- Born: 1969 Morocco
- Died: 3 July 2005 (aged 35–36) Riyadh, Saudi Arabia
- Allegiance: Al-Qaeda
- Service years: 1992–2005
- Conflicts: Bosnian War (1992–1995); Riyadh clash (2005) †;

= Younis Mohammed Ibrahim al-Hayari =

Member of Al-Qaeda killed in Saudi Arabia

Younis Mohammed Ibrahim al-Hayari (يونس محمد ابراهيم الحياري, 1969 – 3 July 2005) was a Moroccan Al-Qaeda member.

==Background==
During the 1990s, al-Hayari fought in Bosnia. He was listed first on Saudi Arabia's list of their 36 "most wanted terrorist suspects,” which was published on 28 June 2005. The following month, on 3 July 2005, he was reported killed in a shootout involving Saudi Arabian security forces in Riyadh. At the time of his death, he was reportedly the leader of Al-Qaeda in the Arabian Peninsula.

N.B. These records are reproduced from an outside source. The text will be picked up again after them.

Definition sample_size (za zb rho : R) : R :=
  let ps := p_star0 rho in
  let ds := delta_star rho in
  2 * (za + zb) ^ 2 * (ps * (1 - ps) + (ps + ds) * (1 - ps - ds)) / ds ^ 2.

Definition B_L : R :=
  Rmax (Rmax (- sqrt (p1 * p2 / (q1 * q2))) (- sqrt (q1 * q2 / (p1 * p2))))
       (Rmax (- sqrt ((p1 + d1) * (p2 + d2) / ((q1 - d1) * (q2 - d2))))
             (- sqrt ((q1 - d1) * (q2 - d2) / ((p1 + d1) * (p2 + d2))))).

Definition B_U : R :=
  Rmin (Rmin (sqrt (p1 * q2 / (p2 * q1))) (sqrt (p2 * q1 / (p1 * q2))))
       (Rmin (sqrt ((p1 + d1) * (q2 - d2) / ((p2 + d2) * (q1 - d1))))
             (sqrt ((p2 + d2) * (q1 - d1) / ((p1 + d1) * (q2 - d2))))).
End Defs.

(* Both composite event rates are affine in the correlation: in the control group
   [x = 1 - q1 q2 - rho s1 s2] and in the treatment group
   [y = x + delta_star = 1 - Q1 Q2 - rho t1 t2], where [s_k], [t_k] are the Bernoulli standard
   deviations of the component rates, and the sample size is proportional to
   [F x y = (x (1 - x) + y (1 - y)) / (y - x)^2].  Along such a line [F] increases with [rho]
   wherever [x > y] and a margin polynomial is positive.  The bounds [B_L <= rho <= B_U] imply
   that the joint cell probabilities of both groups are nonnegative; these give [x > y], and
   when [x + y < 1] they reduce the margin to an inequality between [sqrt (p (1 - p))] and
   [sqrt (P (1 - P))] for [P < p < 1/2].  Finally [z_alpha + z_beta > 0] because
   [Phi 0 <= 1/2], which follows from [(int_0^t exp (- x^2 / 2))^2 <= PI / 2]: by Feynman's
   trick, [(int_0^t exp (- x^2 / 2))^2 + 2 int_0^1 exp (- t^2 (1 + u^2) / 2) / (1 + u^2) du]
   has zero derivative and equals [PI / 2] at [t = 0]. *)

From Coquelicot Require Import Coquelicot.
From Stdlib Require Import Reals Lra Psatz.
Open Scope R_scope.

Definition bern_sd (p : R) : R := sqrt (p * (1 - p)).

Lemma bern_sd_ge0 p : 0 <= bern_sd p.
Proof. apply sqrt_pos. Qed.

Lemma bern_sd_pos p : 0 < p < 1 -> 0 < bern_sd p.
Proof. intros. apply sqrt_lt_R0. nra. Qed.

Lemma bern_sd_sq p : 0 <= p <= 1 -> bern_sd p * bern_sd p = p * (1 - p).
Proof. intros hp. apply sqrt_sqrt. nra. Qed.

Lemma bern_sd_lt P p : 0 <= P -> P < p -> p <= 1 / 2 -> bern_sd P < bern_sd p.
Proof. intros. apply sqrt_lt_1; nra. Qed.

Lemma bern_sd_mul p1 p2 : 0 <= p1 <= 1 -> 0 <= p2 <= 1 ->
  bern_sd p1 * bern_sd p2 = sqrt (p1 * p2 * (1 - p1) * (1 - p2)).
Proof.
  intros. unfold bern_sd. rewrite <- sqrt_mult_alt by nra. f_equal; ring.
Qed.

Section TwoRates.
Variables p P : R.
Hypotheses (hP : 0 < P) (hPp : P < p) (hp : p < 1 / 2).

Let s := bern_sd p.
Let t := bern_sd P.

Let hs2 : s * s = p * (1 - p).
Proof. apply bern_sd_sq; lra. Qed.

Let ht2 : t * t = P * (1 - P).
Proof. apply bern_sd_sq; lra. Qed.

Let ht0 : 0 <= t.
Proof. apply bern_sd_ge0. Qed.

Let hts : t < s.
Proof. apply bern_sd_lt; lra. Qed.

Lemma bern_sd_mul_compl_le : t * (1 - p) <= s * (1 - P).
Proof.
  assert (h : (t * (1 - p)) * (t * (1 - p)) <= (s * (1 - P)) * (s * (1 - P))).
  { replace ((t * (1 - p)) * (t * (1 - p))) with ((t * t) * ((1 - p) * (1 - p))) by ring.
    replace ((s * (1 - P)) * (s * (1 - P))) with ((s * s) * ((1 - P) * (1 - P))) by ring.
    rewrite hs2, ht2.
    assert (0 <= (1 - p) * (1 - P) * (p - P)) by (apply Rmult_le_pos; nra).
    nra. }
  nra.
Qed.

According to Saudi officials, al-Hayari had travelled to Saudi Arabia for Hajj in 2001 and subsequently went underground. He was accused of participating in various attacks in the country, in collaboration with fellow Moroccan militant Karim el-Mejjati, with the latter having been killed a few weeks earlier in a raid that took place at Al-Rass.